Особенно  восхищался  он  мастерством  Франсиско  в   изображении   живых,

говорящих глаз.

   - Я разгадал вашу хитрость, - сказал он. -  Вы  делаете  глазной  белок

меньше натурального, а  радужную  оболочку  -  больше.  -  И  в  ответ  на

удивленный взгляд Гойи пояснил:

   - Обычно поперечник радужной равен одиннадцати миллиметрам. А на  ваших

портретах он доходит до тринадцати. Я сам измерял.

   Гойя не знал, принять ли это в шутку, или нет.

   В другой раз Пераль заговорил о Греко. Он выразил сожаление, что король

Филипп; недостаточно понимал  Греко.  Насколько  больше  было  бы  создано

мастерских творений, если бы Филипп не лишил мастера своей милости.

   - Я не согласен с тем восторженным молодым поэтом, который назвал тремя

величайшими испанскими художниками Веласкеса, Мурильо  и  Гойю.  Для  меня

выше всех - Эль Греко, Веласкес и Гойя.

   Гойя  чистосердечно  ответил,  что   Греко   ему   чужд;   слишком   он

жеманно-аристократичен, слишком мало в нем испанского.

   - Должно быть, прав наш дон Хосе Кинтана. Я - настоящий  испанец,  я  -

крестьянин, у меня кисть грубая.

   Наконец  картина  была  готова.   С   полотна   на   зрителя   большими

насмешливыми, немного колючими глазами смотрел умный, даже значительный  и

жутковатый Пераль. Франсиско тщательно выписал кистью: "Goya  a  su  amigo

Joaquin Peral" [Гойя своему другу Хоакину Пералю (исп.)]. Пераль  смотрел,

как Гойя выводит буквы.

   - Спасибо, дон Франсиско, - сказал он.

   Пришло письмо из Хереса, написанное каракулями:

   Серафина напоминала о себе.

   - Возможно,  я  на  несколько  дней  съезжу  в  Херес,  чтобы  написать

Серафину, - сказал Гойя Каэтане.

   - Не лучше ли пригласить ее сюда?  -  заметила  Каэтана.  Она  говорила

равнодушным, небрежным тоном, но  за  ее  словами  чувствовалось  лукавое,

добродушное поощрение, от которого он вскипел.

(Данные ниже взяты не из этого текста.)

(* Let $0\le k\le r$ and $(\mathcal F|\mathcal G,\mathbf e)\in\mathcal T^{n-k-1}$, with biflats $F_1|G_1,\dots,F_{n-k-1}|G_{n-k-1}$ and $F_0=\emptyset$, $F_{n-k}=E$, $G_0=E$, $G_{n-k}=\emptyset$. Suppose $x_{\mathcal F|\mathcal G}\,\gamma^k\neq0$ in $A_{M,M^\perp}$. Then (1) there is exactly one index $d\in\{0,1,\dots,n-k-1\}$ with $F_d\subsetneq F_{d+1}$ and $G_d\supsetneq G_{d+1}$; (2) the distinct flats among $F_1,\dots,F_{n-k-1}$ other than $E$ are exactly $r-k$ in number and have ranks $1,2,\dots,r-k$ in $M$, and the sets $G_0,G_1,\dots,G_{n-k}$ include a flat of $M^\perp$ of every rank $0,1,\dots,n-r$.
   Context: Let $M$ be a matroid with no loops and no coloops on the ground set $E=\{0,1,\dots,n\}$, totally ordered by the usual order of integers, of rank $r+1$; its dual $M^\perp$ has rank $n-r$. A biflat of $M$ is a pair $F|G$ where $F$ is a flat of $M$, $G$ is a flat of $M^\perp$, both are nonempty, they are not both equal to $E$, and $F\cup G=E$. Two biflats $F|G$, $F'|G'$ are compatible if ($F\subseteq F'$ and $G\supseteq G'$) or ($F\supseteq F'$ and $G\subseteq G'$). A biflag is a set of pairwise compatible biflats with $\bigcup_{F|G}(F\cap G)\neq E$; its length is its number of biflats. Conormal Chow ring: $S$ is the polynomial ring over $\mathbb R$ in variables $x_{F|G}$, one per biflat; $x_{\mathcal F|\mathcal G}=\prod_{F|G\in\mathcal F|\mathcal G}x_{F|G}$. For $i\in E$, $\gamma_i=\sum_{i\in F,\,F\neq E}x_{F|G}$, $\bar\gamma_i=\sum_{i\in G,\,G\neq E}x_{F|G}$. $I$ is generated by the $x_{\mathcal F|\mathcal G}$ for sets of biflats that are not biflags, $J$ by all $\gamma_i-\gamma_j$, $\bar\gamma_i-\bar\gamma_j$; $A_{M,M^\perp}=S/(I+J)$, and $\gamma$ is the common class of the $\gamma_i$. $\mathcal T^m$: the set of pairs $(\mathcal F|\mathcal G,\mathbf e)$ with $\mathcal F|\mathcal G$ a biflag of length $m$ with biflats indexed $F_1|G_1,\dots,F_m|G_m$, $F_1\subseteq\cdots\subseteq F_m$, $G_1\supseteq\cdots\supseteq G_m$, and $\mathbf e=(e_1,\dots,e_m)$ distinct elements of $E$ with $e_i\in F_i\cap G_i$ and $e_i=\max\big(E-\bigcup_{j:\,e_j>e_i}(F_j\cap G_j)\big)$ for all $i$. *)

From HB Require Import structures.
From mathcomp Require Import all_boot all_order all_algebra.
From mathcomp Require Import reals.
From mathcomp Require Import mpoly.

Set Implicit Arguments.
Unset Strict Implicit.
Unset Printing Implicit Defensive.

Import Order.TTheory GRing.Theory Num.Theory.


Section Matroid.
Variable n : nat.
Local Notation E := 'I_n.+1.
Variable rk : {set E} -> nat.

Definition is_matroid_rank : Prop :=
  [/\ forall A : {set E}, rk A <= #|A|,
      forall A B : {set E}, A \subset B -> rk A <= rk B
    & forall A B : {set E}, rk (A :|: B) + rk (A :&: B) <= rk A + rk B].

Definition dual_rank (A : {set E}) : nat := #|A| + rk (~: A) - rk [set: E].

Definition no_loops : Prop := forall x : E, rk [set x] = 1.
Definition no_coloops : Prop := forall x : E, rk (~: [set x]) = rk [set: E].

Definition is_flat (rho : {set E} -> nat) (F : {set E}) : bool :=
  [forall x, (x \notin F) ==> (rho F < rho (x |: F))].
Lemma nth_rows_hook (n_gt0 : 0 < n) : nth [::] (rows n) n.-1 = orep n (mu n 1 1).
Proof.
rewrite orep_hook //; apply: nth_rows_above; try lia.
- by rewrite -orep_hook //; apply/(mem_rows n_gt0); exists 1, 1; split => //; lia.
- move=> a b le_an le_bn ab_gt0; rewrite orep_lexlt transp_mu //.
  case/orP => [/(lexlt_key_hook n_gt0 le_an le_bn) | /(lexlt_key_hook n_gt0 le_bn le_an)].
  + case=> [[b0 lt_an] | [a0 b1 n_gt1]]; subst; first by exists a => //; lia.
    by exists 1; [lia | rewrite orep_muC].
  + case=> [[a0 lt_bn] | [b0 a1 n_gt1]]; subst; last by exists 1 => //; lia.
    by exists b; [lia | rewrite orep_muC].
- by move=> k k_bnd; rewrite orep_lexlt lexlt_key_hook_rect //; lia.
Qed.

End Rows.

Section Paths.

Variable n : nat.

Definition boundary (v : vtx) : bool := if v is Bd _ then true else false.

Definition row (v : vtx) : nat := match v with Bd _ => 0 | Blk r _ | Wht r _ => r end.

Lemma mem_paths_fromS f v p : p \in paths_from n f.+1 v <->
  exists w, [/\ w \in verts n, edge n v w &
    if w is Bd _ then p = [:: w] else exists2 p', p = w :: p' & p' \in paths_from n f w].
Proof.
split => [/flatten_mapP[w] | [w [w_in e_vw p_def]]].
  rewrite mem_filter => /andP[e_vw w_in] p_in; exists w; split => //.
  by case: w p_in {e_vw w_in} => [t /[1!inE]/eqP | r c /mapP[p' ? ->] | r c /mapP[p' ? ->]];
    try exists p'.
apply/flatten_mapP; exists w; first by rewrite mem_filter e_vw.
by case: w p_def {e_vw w_in} => [t -> | r c [p' -> p'_in] | r c [p' -> p'_in]];
  rewrite ?inE ?map_f.
Qed.

Lemma Bd_in_verts t : 1 <= t <= 2 * n -> Bd t \in verts n.
Proof. by move=> t_bnd; rewrite mem_cat map_f // mem_iota; lia. Qed.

   - Да это мне так просто в голову взбрело, - сказал он, - должно быть, я

и сам не поеду и ее не стану приглашать. Однако же она была бы  образцовой

махой, - язвительно заметил он, - и если уж я когда-нибудь возьмусь писать

маху, так только с нее.

   Придя вскоре после этого в обычный час к Каэтане, он застал ее  лежащей

на  софе  в  таком  костюме,  каких  в  минувшую  зиму  много  бывало   на

костюмированных балах. Это было одеяние из  тонкой  дорогой  белой  ткани,

больше подходившее к тореро, чем к махе,  не  то  рубашка,  не  то  штаны;

прилегая мягкими складками к телу, оно  скорее  обнажало,  чем  прикрывало

его. Сверху на Каэтане была коротенькая  ярко-желтая  кофточка  -  болеро,

расшитая мотыльками  из  черных  блесток;  платье  было  схвачено  широким

розовым поясом. Так она лежала, закинув руки за голову.

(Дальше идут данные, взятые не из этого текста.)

Class CBLaws (Ob : Type) (Hom : Ob -> Ob -> Type)
  {S : SMCData Ob Hom} {B : CBData Ob Hom} : Prop := {
  cb_smc : SMCLaws Ob Hom;
  copy_counitl : forall X, copy X >> disc X ** idm X >> lunit X = idm X;
  copy_counitr : forall X, copy X >> idm X ** disc X >> runit X = idm X;
  copy_coassoc : forall X, copy X >> copy X ** idm X >> assoc X X X = copy X >> idm X ** copy X;
  copy_cocomm : forall X, copy X >> sym X X = copy X;
  cocopy_unitl : forall X, lunitI X >> codisc X ** idm X >> cocopy X = idm X;
  cocopy_unitr : forall X, runitI X >> idm X ** codisc X >> cocopy X = idm X;
  cocopy_assoc : forall X, cocopy X ** idm X >> cocopy X = assoc X X X >> idm X ** cocopy X >> cocopy X;
  cocopy_comm : forall X, sym X X >> cocopy X = cocopy X;
  frob_l : forall X, copy X ** idm X >> assoc X X X >> idm X ** cocopy X = cocopy X >> copy X;
  frob_r : forall X, idm X ** copy X >> assocI X X X >> cocopy X ** idm X = cocopy X >> copy X;
  special : forall X, copy X >> cocopy X = idm X;
  adj_copy_unit : forall X, idm X ⊑ copy X >> cocopy X;
  adj_copy_counit : forall X, cocopy X >> copy X ⊑ idm (X ⊗ X);
  adj_disc_unit : forall X, idm X ⊑ disc X >> codisc X;
  adj_disc_counit : forall X, codisc X >> disc X ⊑ idm ounit;
  lax_copy : forall X Y (c : Hom X Y), c >> copy Y ⊑ copy X >> c ** c;
  lax_disc : forall X Y (c : Hom X Y), c >> disc Y ⊑ disc X;
  copy_tens : forall X Y, copy (X ⊗ Y) = copy X ** copy Y >> exch X X Y Y;
  disc_tens : forall X Y, disc (X ⊗ Y) = disc X ** disc Y >> lunit ounit;
  copy_unit : copy ounit = lunitI ounit;
  disc_unit : disc ounit = idm ounit;
  cocopy_tens : forall X Y, cocopy (X ⊗ Y) = exch X Y X Y >> cocopy X ** cocopy Y;
  codisc_tens : forall X Y, codisc (X ⊗ Y) = lunitI ounit >> codisc X ** codisc Y;
  cocopy_unit : cocopy ounit = lunit ounit;
  codisc_unit : codisc ounit = idm ounit
}.

Definition is_map {Ob Hom} {S : SMCData Ob Hom} {B : CBData Ob Hom}
  {X Y : Ob} (f : Hom X Y) : Prop :=
  f >> copy Y = copy X >> f ** f /\ f >> disc Y = disc X.

Class BoolData (Ob : Type) (Hom : Ob -> Ob -> Type) := {
  bmeet : forall {X Y : Ob}, Hom X Y -> Hom X Y -> Hom X Y;
  bjoin : forall {X Y : Ob}, Hom X Y -> Hom X Y -> Hom X Y;
  bneg : forall {X Y : Ob}, Hom X Y -> Hom X Y;
  btop : forall X Y : Ob, Hom X Y;
  bbot : forall X Y : Ob, Hom X Y
}.
(* Let $M$ be an $\mathfrak{S}$-module, $\mathfrak{S}=\mathbb{Z}[t]/(t^p-1)$, with $\operatorname{im}(1-t)=M$. Then $N(t)=0$ on $M$ and $\ker(1-t)$ is a $\mathbb{Z}/p$-vector space. Let $(e_i)_{i\in I}$ be a basis of $\ker(1-t)$. Then there is an injective $\mathfrak{S}$-module map $\psi\colon\bigoplus_{i\in I}\mathbb{Z}[\vartheta,1/p]/(1-\vartheta)\mathbb{Z}[\vartheta]\to M$ with uniquely $p$-divisible cokernel.
   Context: $p$ is a prime, $N(t)=1+t+\dots+t^{p-1}$, $\vartheta$ is a primitive $p$-th root of unity, so $\mathbb{Z}[\vartheta]\cong\mathbb{Z}[t]/(N(t))$; $t$ acts on $\mathbb{Z}[\vartheta,1/p]/(1-\vartheta)\mathbb{Z}[\vartheta]$ by multiplication with $\vartheta$. Uniquely $p$-divisible means multiplication by $p$ is bijective. *)

From HB Require Import structures.
From mathcomp Require Import all_boot all_order all_algebra all_field.
Set Implicit Arguments. Unset Strict Implicit. Unset Printing Implicit Defensive.
Import Order.TTheory GRing.Theory Num.Theory.
Local Open Scope ring_scope.

Definition in_Zth (th x : algC) : Prop :=
  exists f : {poly int}, x = (map_poly (fun z : int => z%:~R) f).[th].

Definition in_Zthp (p : nat) (th x : algC) : Prop :=
  exists k : nat, in_Zth th (x * (p%:R) ^+ k).

Definition in_ideal (th x : algC) : Prop :=
  exists y, in_Zth th y /\ x = (1 - th) * y.

Definition Nt (M : zmodType) (p : nat) (t : M -> M) (m : M) : M :=
  \sum_(j < p) iter j t m.

Definition is_basis_ker (M : zmodType) (p : nat) (t : M -> M)
    (I : eqType) (e : I -> M) : Prop :=
  (forall i, e i - t (e i) = 0) /\
  (forall (s : seq I) (c : I -> nat), uniq s ->
      \sum_(i <- s) e i *+ c i = 0 -> forall i, i \in s -> (p %| c i)%N) /\
  (forall m, m - t m = 0 ->
      exists (s : seq I) (c : I -> nat), m = \sum_(i <- s) e i *+ c i).
(* Let $s\in\mathscr S_+^\circ$ with $\operatorname{supp}(s)=\{d_1>\cdots>d_m\}$, and let $s'\in\mathscr S_+$ satisfy $\operatorname{supp}(s')\subsetneq\operatorname{supp}(s)$ and $\operatorname{supp}(s)\setminus\operatorname{supp}(s')\subseteq\{d_{2i}: 1\le 2i\le m\}$. Then $s'\notin\mathscr S_+^\circ$ and $\lfloor s'\rfloor=s$. In particular $s\prec s'$ and $\mathfrak d(s')=\mathfrak d(s)$.
   Context: $\omega=\{0,1,\dots\}$, $[m]=\{1,\dots,m\}$. A finite sign sequence is $s\in\{-,0,+\}^\omega$ with finitely many nonzero entries; $\mathscr S$ their set; $\operatorname{supp}(s)=\{i:s_i\ne0\}$; $\mathscr S_+=\mathscr S\cap\{0,+\}^\omega$. $\mathrm{SC}(t)$ = number of pairs $i<j$ with $\{t_i,t_j\}=\{-,+\}$ and $t_k=0$ for $i<k<j$. $\mathfrak d(s)=\max\{\mathrm{SC}(t):t\in\mathscr S,\ t_i\in\{-,0,s_i\}\ \forall i\}$. $\mathscr S_+^\circ=\{s\in\mathscr S_+:\mathfrak d(s)=\#\operatorname{supp}(s)\}$. Interval decomposition of $s\in\mathscr S_+$: $\operatorname{supp}(s)=X_0\amalg\cdots\amalg X_k$ into intervals with $0\in X_0$ if $0\in\operatorname{supp}(s)$ else $X_0=\emptyset$, $X_i\neq\emptyset$ for $i\in[k]$, $\min X_i-\max X_{i-1}\ge2$ ($\max\emptyset=-\infty$). $\lfloor X_i\rfloor=\{\min X_i-1\}\amalg X_i$ if $\#X_i$ odd, else $X_i$; $\lceil X_i\rceil=X_i\amalg\{\max X_i+1\}$ if $\#X_i$ odd, else $X_i$; $\operatorname{supp}(\lfloor s\rfloor)=X_0\amalg\lfloor X_1\rfloor\amalg\cdots\amalg\lfloor X_k\rfloor$, $\operatorname{supp}(\lceil s\rceil)=X_0\amalg\lceil X_1\rceil\amalg\cdots\amalg\lceil X_k\rceil$. On $\mathscr S_+^\circ$: $s\preceq_0 s'$ iff, writing supports in decreasing order $\{d_1>\cdots>d_m\}$, $\{d'_1>\cdots>d'_{m'}\}$, $m\le m'$ and $d_i\le d'_i$ for $i\in[m]$. On $\mathscr S_+$: $s\preceq s'$ iff $s=s'$, or $s\ne s'$ and $\lceil s\rceil\preceq_0\lfloor s'\rfloor$; $s\prec s'$ means $s\preceq s'$, $s\neq s'$. *)

From mathcomp Require Import all_boot all_order finmap.
From Stdlib Require Import ClassicalEpsilon.
Set Implicit Arguments. Unset Strict Implicit. Unset Printing Implicit Defensive.
Local Open Scope fset_scope.

Inductive sgn := Neg | Zer | Pos.

Definition isZ (a : sgn) : bool := if a is Zer then true else false.
Definition opp_nz (a b : sgn) : bool :=
  match a, b with Neg, Pos | Pos, Neg => true | _, _ => false end.

(* A finite sign sequence t in S is represented by a list; t_i := nth Zer t i
   (all entries beyond the list are 0). *)
Definition tnth0 (t : seq sgn) (i : nat) : sgn := nth Zer t i.

(* SC(t): number of pairs i<j with {t_i,t_j} = {-,+} and t_k = 0 for i<k<j.
   (Pairs involving positions beyond size t never count, since t_j = 0 there.) *)
Definition SC (t : seq sgn) : nat :=
  \sum_(0 <= i < size t) \sum_(i.+1 <= j < size t)
     (opp_nz (tnth0 t i) (tnth0 t j)
      && all (fun k => isZ (tnth0 t k)) (iota i.+1 (j - i.+1))).

(* An element s of S_+ is represented by its support supp(s), a finite set of
   naturals (s_i = + iff i \in X, else s_i = 0). *)
Definition sval (X : {fset nat}) (i : nat) : sgn := if i \in X then Pos else Zer.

   - Если ты надумаешь писать Серафину в виде махи, такая  поза  и  одежда

тебе подойдут? - спросила она.

   - Н-да, - ответил он, и непонятно было, значит ли это "да"  или  "нет".

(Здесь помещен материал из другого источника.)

Record IsHypergraphFunctor (D D' : HGData) (F0 : hob D -> hob D')
  (F1 : forall X Y, @hhom D X Y -> @hhom D' (F0 X) (F0 Y))
  (phi : forall X Y, @hhom D' (hten (F0 X) (F0 Y)) (F0 (hten X Y)))
  (phi1 : @hhom D' hunit (F0 hunit)) : Prop := {
  hf_resp : forall X Y (f g : @hhom D X Y), heq f g -> heq (F1 X Y f) (F1 X Y g);
  hf_id : forall X, heq (F1 X X (hid X)) (hid (F0 X));
  hf_comp : forall X Y Z (f : @hhom D X Y) (g : @hhom D Y Z),
      heq (F1 X Z (hcomp g f)) (hcomp (F1 Y Z g) (F1 X Y f));
  hf_phi_nat : forall X Y X' Y' (f : @hhom D X X') (g : @hhom D Y Y'),
      heq (hcomp (F1 _ _ (htenh f g)) (phi X Y))
          (hcomp (phi X' Y') (htenh (F1 X X' f) (F1 Y Y' g)));
  hf_phi_iso : forall X Y, exists psi : @hhom D' (F0 (hten X Y)) (hten (F0 X) (F0 Y)),
      heq (hcomp psi (phi X Y)) (hid _) /\ heq (hcomp (phi X Y) psi) (hid _);
  hf_phi1_iso : exists psi : @hhom D' (F0 hunit) hunit,
      heq (hcomp psi phi1) (hid _) /\ heq (hcomp phi1 psi) (hid _);
  hf_assoc : forall X Y Z,
      heq (hcomp (F1 _ _ (hassoc X Y Z))
                 (hcomp (phi (hten X Y) Z) (htenh (phi X Y) (hid (F0 Z)))))
          (hcomp (phi X (hten Y Z))
                 (hcomp (htenh (hid (F0 X)) (phi Y Z)) (hassoc (F0 X) (F0 Y) (F0 Z))));
  hf_lunit : forall X,
      heq (hcomp (F1 _ _ (hlunit X)) (hcomp (phi hunit X) (htenh phi1 (hid (F0 X)))))
          (hlunit (F0 X));
  hf_runit : forall X,
      heq (hcomp (F1 _ _ (hrunit X)) (hcomp (phi X hunit) (htenh (hid (F0 X)) phi1)))
          (hrunit (F0 X));
  hf_braid : forall X Y,
      heq (hcomp (F1 _ _ (hbraid X Y)) (phi X Y))
          (hcomp (phi Y X) (hbraid (F0 X) (F0 Y)));
  (* Frobenius structure on FX is (F mu o phi, phi^-1 o F delta, F eta o phi1,
     phi1^-1 o F eps); the last two are written as F delta = phi o delta,
     F eps = phi1 o eps. *)
  hf_mu : forall X, heq (hcomp (F1 _ _ (hmu X)) (phi X X)) (hmu (F0 X));
  hf_delta : forall X, heq (F1 _ _ (hdelta X)) (hcomp (phi X X) (hdelta (F0 X)));
  hf_eta : forall X, heq (hcomp (F1 _ _ (heta X)) phi1) (heta (F0 X));
  hf_eps : forall X, heq (F1 _ _ (heps X)) (hcomp phi1 (heps (F0 X)))
}.

Section Corel.
Variables (C : Cat) (L : FinColim C) (F : FactSys C).

(* A cospan X -i-> N <-o- Y is encoded by the copairing [i,o] : X+Y -> N.
   A corelation is such a cospan with [i,o] in E. *)
Definition corel (X Y : ob C) : Type :=
  { N : ob C & { f : hom (cop L X Y) N | E F f } }.

Definition corel_eq (X Y : ob C) (c d : corel X Y) : Prop :=
  exists h : hom (projT1 c) (projT1 d),
    is_iso h /\ comp h (proj1_sig (projT2 c)) = proj1_sig (projT2 d).

Definition epart {X Y N : ob C} (f : hom (cop L X Y) N) : corel X Y :=
  match factor F f with
  | existT _ Z (existT _ e (exist _ m H)) => existT _ Z (exist _ e (proj1 H))
  end.

Definition lleg {X Y N} (f : hom (cop L X Y) N) : hom X N := comp f (inl L X Y).
Definition rleg {X Y N} (f : hom (cop L X Y) N) : hom Y N := comp f (inr L X Y).
Definition cmap {X Y} (c : corel X Y) : hom (cop L X Y) (projT1 c) := proj1_sig (projT2 c).

Definition corel_comp (X Y Z : ob C) (d : corel Y Z) (c : corel X Y) : corel X Z :=
  let f := cmap c in let g := cmap d in
  epart (copair L (comp (po1 L (rleg f) (lleg g)) (lleg f))
                  (comp (po2 L (rleg f) (lleg g)) (rleg g))).

Definition corel_of {X Y : ob C} (a : hom X Y) : corel X Y :=
  epart (copair L a (idc Y)).

Definition corel_id (X : ob C) : corel X X := corel_of (idc X).

Definition hsum {X X' Y Y'} (h : hom X Y) (k : hom X' Y') :
  hom (cop L X X') (cop L Y Y') :=
  copair L (comp (inl L Y Y') h) (comp (inr L Y Y') k).

Definition corel_ten (X Y X' Y' : ob C) (c : corel X Y) (d : corel X' Y') :
  corel (cop L X X') (cop L Y Y') :=
  let f := cmap c in let g := cmap d in
  epart (copair L (hsum (lleg f) (lleg g)) (hsum (rleg f) (rleg g))).

Definition assoc_map (X Y Z : ob C) : hom (cop L (cop L X Y) Z) (cop L X (cop L Y Z)) :=
  copair L (copair L (inl L X (cop L Y Z)) (comp (inr L X (cop L Y Z)) (inl L Y Z)))
           (comp (inr L X (cop L Y Z)) (inr L Y Z)).
Definition lunit_map (X : ob C) : hom (cop L (init L) X) X := copair L (bang L X) (idc X).
Definition runit_map (X : ob C) : hom (cop L X (init L)) X := copair L (idc X) (bang L X).
Definition braid_map (X Y : ob C) : hom (cop L X Y) (cop L Y X) :=
  copair L (inr L Y X) (inl L Y X).
Definition codiag (X : ob C) : hom (cop L X X) X := copair L (idc X) (idc X).

(* Frobenius maps of Cospan(C): mu = [1,1] : X+X -> X, eta = ! : 0 -> X
   (as cospans X+X -> X <-1- X and 0 -> X <-1- X) and their opposites
   delta : X -1-> X <-[1,1]- X+X, eps : X -1-> X <-!- 0; then E-parts. *)
Definition corel_mu (X : ob C) : corel (cop L X X) X := corel_of (codiag X).
Definition corel_eta (X : ob C) : corel (init L) X := corel_of (bang L X).
Definition corel_delta (X : ob C) : corel X (cop L X X) :=
  epart (copair L (idc X) (codiag X)).
Definition corel_eps (X : ob C) : corel X (init L) :=
  epart (copair L (idc X) (bang L X)).

Definition Corel : HGData := {|
  hob := ob C;
  hhom := corel;
  heq := corel_eq;
  hid := corel_id;
  hcomp := corel_comp;
  hten := cop L;
  htenh := corel_ten;
  hunit := init L;
  hassoc := fun X Y Z => corel_of (assoc_map X Y Z);
  hlunit := fun X => corel_of (lunit_map X);
  hrunit := fun X => corel_of (runit_map X);
  hbraid := fun X Y => corel_of (braid_map X Y);
  hmu := corel_mu;
  heta := corel_eta;
  hdelta := corel_delta;
  heps := corel_eps
|}.

End Corel.

Arguments corel {C} L F X Y.
Arguments corel_eq {C} L F {X Y} c d.
Arguments epart {C} L F {X Y N} f.
Arguments lleg {C} L {X Y N} f.
Arguments rleg {C} L {X Y N} f.
Arguments cmap {C} L F {X Y} c.
Arguments corel_of {C} L F {X Y} a.
Arguments Corel {C} L F.

Section Image.
Variables (C C' : Cat) (L : FinColim C) (L' : FinColim C') (F : FactSys C) (F' : FactSys C')
          (A : Functor C C').

Definition corel_image (X Y : ob C) (c : corel L F X Y) :
  corel L' F' (fob A X) (fob A Y) := ltac:(exact (
  epart L' F' (copair L' (fmap A (lleg L (cmap L F c))) (fmap A (rleg L (cmap L F c)))))).

Definition kappa (X Y : ob C) : hom (cop L' (fob A X) (fob A Y)) (fob A (cop L X Y)) :=
  copair L' (fmap A (inl L X Y)) (fmap A (inr L X Y)).

Definition kappa_bar (X Y : ob C) :
  corel L' F' (cop L' (fob A X) (fob A Y)) (fob A (cop L X Y)) :=
  corel_of L' F' (kappa X Y).

Definition unit_bar : corel L' F' (init L') (fob A (init L)) :=
  corel_of L' F' (bang L' (fob A (init L))).

End Image.


(* Say that a corelation [c] is an E-part of a cospan [f] when [f] is [c] followed by an
   M-map.  E-parts are unique up to isomorphism, and costability makes them compatible
   with composition and monoidal product: the comparison map from the pushout of two
   cospans to the pushout of their images under M-maps lies in M.  Since [A] preserves
   finite colimits and maps M into M', the image of an E-part of [f] is an E-part of
   [A f] precomposed with [kappa].  Each functor axiom then follows by exhibiting one
   cospan of which both sides are E-parts. *)

Section Category.
Variable C : Cat.

Lemma comp_assoc_r {W X Y Z : ob C} (f : hom W X) (g : hom X Y) (h : hom Y Z) :
  comp (comp h g) f = comp h (comp g f).
Proof. symmetry; apply comp_assoc. Qed.

Lemma comp_eq_assoc {W X Y Z : ob C} (a : hom Y Z) (b : hom X Y) (c : hom X Z) (x : hom W X) :
  comp a b = c -> comp a (comp b x) = comp c x.
Proof. intros H; rewrite comp_assoc, H; reflexivity. Qed.

Lemma iso_id (X : ob C) : is_iso (idc X).
Proof. exists (idc X); split; apply comp_id_l. Qed.

Lemma comp_cancel_iso_r {X Y Z : ob C} (x : hom Y Z) (k : hom X Y) (p : hom Y X) (y : hom X Z) :
  comp x k = y -> comp k p = idc Y -> x = comp y p.
Proof. intros H1 H2. rewrite <- H1, comp_assoc_r, H2, comp_id_r; reflexivity. Qed.

End Category.

Section Colimits.
Variables (C : Cat) (L : FinColim C).

Lemma copair_inl_assoc {X Y Z W : ob C} (f : hom X Z) (g : hom Y Z) (x : hom W X) :
  comp (copair L f g) (comp (inl L X Y) x) = comp f x.
Proof. apply comp_eq_assoc, copair_inl. Qed.

Lemma copair_inr_assoc {X Y Z W : ob C} (f : hom X Z) (g : hom Y Z) (x : hom W Y) :
  comp (copair L f g) (comp (inr L X Y) x) = comp g x.
Proof. apply comp_eq_assoc, copair_inr. Qed.

Lemma copair_ext {X Y Z : ob C} (h k : hom (cop L X Y) Z) :
  comp h (inl L X Y) = comp k (inl L X Y) -> comp h (inr L X Y) = comp k (inr L X Y) -> h = k.
Proof.
  intros H1 H2. rewrite (copair_uniq C L X Y Z h), (copair_uniq C L X Y Z k), H1, H2.
  reflexivity.
Qed.

Lemma init_hom_eq {X : ob C} (f g : hom (init L) X) : f = g.
Proof. rewrite (bang_uniq C L X f), (bang_uniq C L X g); reflexivity. Qed.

На диване лежала соблазнительная дама, нарядившаяся в  откровенный  костюм

махи; в харчевнях Манолерии ни один человек не принял бы  ее  за  маху,  и

Франсиско мог  допустить,  что  он  напишет  так  Каэтану,  но  отнюдь  не

Серафину.

   - Если ты будешь писать  такую  маху,  ты  напишешь  ее  в  натуральную

величину? - продолжала она допрашивать.

   - С каких пор тебя интересуют технические подробности? - в свою очередь

спросил он, немного удивившись.

   - Они меня интересуют сегодня, - начиная раздражаться, сказала она.

   - Вероятно, я написал бы ее в  три  четверти  натуральной  величины,  -

улыбаясь ответил он.

   Спустя несколько дней она повела его в комнату,  куда  почти  никто  не

входил; это была парадная,  но  явно  заброшенная  спальня,  должно  быть,

служившая одной из прежних хозяек Каса де Аро для официальных  приемов  во

время утреннего туалета. На  стене  висела  какая-то  малоценная  картина,

изображавшая охотничью сцену. При помощи такого же приспособления,  как  в

Кадисском дворце, Каэтана  отодвинула  картину.  За  ней  открылась  голая

стена, где можно было  поместить  вторую  картину.  Франсиско  стоял,  как

дурак.

   - Неужели ты не понимаешь? - спросила она. - Я хочу, чтобы  ты  наконец

написал меня в виде махи, настоящей махи.

   Он  уставился  на  нее.  Неужели  он  ее  верно  понял?  Нагая  женщина

Веласкеса, так он сам объяснил ей, - не богиня и не грандесса, она - маха.

   - Я хочу заказать вам, дон Франсиско, два  своих  портрета,  -  заявила

она, - один в костюме махи, другой в виде махи, как она есть.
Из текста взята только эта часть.